26. The non-human animal of claim 25, wherein the disease-related mutation is in a gene encoding presenilin, SOD1, or the cystic fibrosis membrane transporter (CFTR).

27. The non-human animal of claim 19, which is an inducible disease model.

28. The non-human animal of claim 27, wherein the non-human animal is an inducible disease model of a disease selected from the group consisting of Alzheimer’ s disease, amyotrophic lateral sclerosis, diabetes, glucose tolerance, diabetic allodynia and neuropathy, diabetic retinopathy, atherosclerosis, diabetic nephropathy, diabetic wound healing, cardiovascular disease, heart failure, ischemia-reperfusion injury, immunological disease, autoimmune disease, sepsis, transplant rejection, cancer, pain, liver disease, and lung disease, and optionally effects on physiology or disease are assessed.

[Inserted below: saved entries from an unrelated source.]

Variables (rho tau C : R) (c : nat -> Z) (Y : nat -> R).
Hypothesis rho_lt_tau : 0 <= rho < tau.
Hypothesis tau_lt1 : tau < 1.
Hypothesis c_inB : inB c.
Hypothesis Y_bound : forall n, Rabs (Y n) <= C * weight rho n.

Lemma weight_bound_const_ge0 : 0 <= C.
Proof.
  pose proof (Y_bound 0%nat) as H0. unfold weight in H0. simpl in H0.
  pose proof (Rabs_pos (Y 0%nat)). lra.
Qed.

Lemma Y_bound_tau n : Rabs (Y n) <= C * weight tau n.
Proof.
  eapply Rle_trans; [apply Y_bound|].
  apply Rmult_le_compat_l; [exact weight_bound_const_ge0|apply weight_le; lra].
Qed.

Lemma ex_series_digits_Y : ex_series (fun n => IZR (c n) * Y n).
Proof.
  apply (series_dominated _ _ C (ex_series_weight tau ltac:(lra))). intro n.
  eapply Rle_trans; [apply Rabs_digit_mult, c_inB|apply Y_bound_tau].
Qed.

(* [c Y] splits into [(c - f) Y], which vanishes below [N] and is then
   geometrically small, plus [f (Y - Z)], of size [e], plus [f Z = 0]. *)
Lemma Rabs_series_digits_Y_le f Z N e :
  0 <= e -> inB f -> (forall n, (n < N)%nat -> f n = c n) ->
  is_series (fun n => IZR (f n) * Z n) 0 -> (forall n, Rabs (Z n - Y n) <= e * weight rho n) ->
  Rabs (Series (fun n => IZR (c n) * Y n))
  <= 2 * C * Series (weight tau) * (rho / tau) ^ N + e * Series (weight tau).
Proof.
  intros He Bf Af HZ HZY.
  assert (Hw := ex_series_weight tau ltac:(lra)).
  assert (Hk : 0 <= (rho / tau) ^ N) by (apply pow_le, Rdiv_le_0_compat; lra).
  pose proof weight_bound_const_ge0.
  destruct (series_dominated (fun n => (IZR (c n) - IZR (f n)) * Y n) (weight tau)
              (2 * C * (rho / tau) ^ N) Hw) as [E1 B1].
  { intro n. rewrite Rabs_mult. pose proof (weight_ge0 tau n ltac:(lra)).
    destruct (Nat.lt_ge_cases n N) as [Hn|Hn].
    - rewrite Af, Rminus_diag, Rabs_R0, Rmult_0_l by exact Hn.
      apply Rmult_le_pos; [apply Rmult_le_pos|]; lra.
    - assert (Hcf : Rabs (IZR (c n) - IZR (f n)) <= 2).
      { eapply Rle_trans; [apply Rabs_triang|]. rewrite Rabs_Ropp.
        pose proof (inB_abs_le1 c n c_inB). pose proof (inB_abs_le1 f n Bf). lra. }
      assert (HYn : Rabs (Y n) <= C * ((rho / tau) ^ N * weight tau n)).
      { eapply Rle_trans; [apply Y_bound|]. apply Rmult_le_compat_l; [lra|].
        apply weight_tail; [lra|lra|exact Hn]. }
      pose proof (Rabs_pos (Y n)). pose proof (Rabs_pos (IZR (c n) - IZR (f n))).
      nra. }
  destruct (series_dominated (fun n => IZR (f n) * (Y n - Z n)) (weight tau) e Hw)
    as [E2 B2].
  { intro n. eapply Rle_trans; [apply Rabs_digit_mult, Bf|].
    rewrite Rabs_minus_sym. eapply Rle_trans; [apply HZY|].
    apply Rmult_le_compat_l; [exact He|apply weight_le; lra]. }
  assert (Hsplit : is_series (fun n => IZR (c n) * Y n)
     (Series (fun n => (IZR (c n) - IZR (f n)) * Y n)
      + Series (fun n => IZR (f n) * (Y n - Z n)) + 0)).
  { apply is_series_ext with
      (fun n => plus (plus ((IZR (c n) - IZR (f n)) * Y n) (IZR (f n) * (Y n - Z n)))
                     (IZR (f n) * Z n)).
    { intro n. unfold plus; simpl. ring. }
    apply (is_series_plus (K := R_AbsRing) (V := R_NormedModule)); [|exact HZ].
    apply (is_series_plus (K := R_AbsRing) (V := R_NormedModule));
      now apply Series_correct. }
  rewrite (is_series_unique _ _ Hsplit), Rplus_0_r.
  eapply Rle_trans; [apply Rabs_triang|]. lra.
Qed.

29. A method for identifying or characterizing an SMO directed against human RAGE pre- mRNA, the method comprising introducing an SMO into a non-human animal of claim 19 and assessing the effects of the SMO on the non-human ani al.

30. The method of claim 29, wherein effects on splicing of RAGE pre-mRNA are assessed.

31. The method of claim 29, wherein the non-human animal is a disease model and a feature of the disease is assessed.

32. The method of claim 29, wherein the SMO comprises a sequence selected from SEQ ID NOs: 5-2897.